Despite the simple model structure, FastText use the n-gram and subword both technologies to help enhance the text classification results. n-gram word order help local model captures text, and most text classification tasks do not require too long dependency. subword also called char n-gram, is to break down smaller sub-word string pieces, which can be better for unknown words and rare words modeling, while learning to affix the same word semantic relations.

Overall, FastText for applications that require real-time high of text classification accuracy of less demanding on the scene at the same time, can be used as a baseline of the new algorithm.

Bert

BERT is a pre-trained language model Google released in 2018, it set a record 11 NLP tasks.
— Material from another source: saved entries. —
(* Let $p\in(0,1]$ and let $(\mathcal M,d,0)$ be a pointed $p$-metric space with $\mathcal M=\{0,x,y\}$ (three distinct points). Put $d_x=d(x,0)$, $d_y=d(y,0)$, $d_{xy}=d(x,y)$. Then for all $a,b\in\mathbb R$, \[\|a\delta(x)+b\delta(y)\|_{\mathcal F_p(\mathcal M)}^p=\min\{|ad_x|^p+|bd_y|^p,\ |(a+b)d_x|^p+|bd_{xy}|^p,\ |(a+b)d_y|^p+|ad_{xy}|^p\}.\]
   Context: A $p$-metric space is a set with $d$ such that $d^p$ is a metric; pointed means a distinguished point $0$. A $p$-Banach space is a complete vector space with a $p$-norm. $\delta(x)$ is evaluation at $x$ on real functions on $\mathcal M$ vanishing at $0$, and $\mathcal F_p(\mathcal M)$ is the completion of $\mathrm{span}\{\delta(x)\}$ under $\|\sum a_i\delta(x_i)\|=\sup\|\sum a_if(x_i)\|_Y$ over $p$-Banach $Y$ and $1$-Lipschitz $f:\mathcal M\to Y$ with $f(0)=0$. *)

From Stdlib Require Import Reals List.
From Coquelicot Require Import Coquelicot.
Open Scope R_scope.

Definition rpow (x p : R) : R := if Rle_dec x 0 then 0 else Rpower x p.

Definition is_pmetric (p : R) {T : Type} (d : T -> T -> R) : Prop :=
  (forall u v, 0 <= d u v) /\
  (forall u v, d u v = 0 <-> u = v) /\
  (forall u v, d u v = d v u) /\
  (forall u v w, rpow (d u w) p <= rpow (d u v) p + rpow (d v w) p).

Record pBanach (p : R) := mkPBanach {
  pb_space :> ModuleSpace R_Ring;
  pb_norm : pb_space -> R;
  pb_nonneg : forall v, 0 <= pb_norm v;
  pb_zero : forall v, pb_norm v = 0 <-> v = zero;
  pb_hom : forall (t : R) v, pb_norm (scal t v) = Rabs t * pb_norm v;
  pb_ptri : forall v w,
      rpow (pb_norm (plus v w)) p <= rpow (pb_norm v) p + rpow (pb_norm w) p;
  pb_complete : forall u : nat -> pb_space,
      (forall eps, 0 < eps -> exists N : nat, forall m n : nat,
          (N <= m)%nat -> (N <= n)%nat -> pb_norm (minus (u m) (u n)) < eps) ->
      exists l, forall eps, 0 < eps -> exists N : nat, forall n : nat,
          (N <= n)%nat -> pb_norm (minus (u n) l) < eps
}.
Arguments pb_norm {p} _ _.

(* Evaluation of the finite combination sum_i a_i delta(x_i) at f. *)
Definition eval_comb {T : Type} {Y : ModuleSpace R_Ring} (f : T -> Y)
  (mu : list (R * T)) : Y :=
  fold_right (fun c acc => plus (scal (fst c) (f (snd c))) acc) zero mu.

Definition Fp_values (p : R) {T : Type} (d : T -> T -> R) (z : T)
  (mu : list (R * T)) : R -> Prop :=
  fun t => exists (Y : pBanach p) (f : T -> Y),
      f z = zero /\
      (forall u v, pb_norm Y (minus (f u) (f v)) <= d u v) /\
      t = pb_norm Y (eval_comb f mu).

(* The F_p(M) norm of sum a_i delta(x_i): the supremum of the above set. *)
Definition Fp_norm (p : R) {T : Type} (d : T -> T -> R) (z : T)
  (mu : list (R * T)) : Rbar :=
  Lub_Rbar (Fp_values p d z mu).

From Stdlib Require Import Reals List Lra Lia Psatz Classical ClassicalDescription.
From Coquelicot Require Import Coquelicot.
Open Scope R_scope.

(* Writing [a δ(x) + b δ(y) = (a - t) δ(x) + (b + t) δ(y) + t (δ(x) - δ(y))], the
   p-triangle inequality bounds [‖a δ(x) + b δ(y)‖^p] by the cost
   [|a - t|^p d_x^p + |b + t|^p d_y^p + |t|^p d_xy^p] for every real [t].  As a function
   of [t] this cost is concave between consecutive breakpoints among [0, -b, a] and
   monotone outside them, so its infimum is attained at a breakpoint: this is the
   three-term minimum.  Conversely, being the infimum over [t] of a cost that is jointly
   p-subadditive in [(t, a, b)], the minimum is the p-th power of a p-norm on the plane;
   that complete p-normed plane, with [0, x, y] sent to [0, e1, e2] by a 1-Lipschitz map,
   attains the bound. *)

Lemma rpow_0 e : rpow 0 e = 0.
Proof. unfold rpow; destruct (Rle_dec 0 0); lra. Qed.

Lemma rpow_pos x e : 0 < x -> rpow x e = Rpower x e.
Proof. intros; unfold rpow; destruct (Rle_dec x 0); lra. Qed.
BERT release makes the field of NLP really entered into the era of common tasks for downstream pre-trained model, but also vigorously entered the era of miracles - through more data, more accurate model for higher rates, since then various technology giant launched the model increases, the training data used more and more, simply show off their wealth. In fact, there are a lot of studies pre-trained language model before BERT, like ELMo, GPT are then more prominent achievements, many of their ideas and methods are borrowed from BERT.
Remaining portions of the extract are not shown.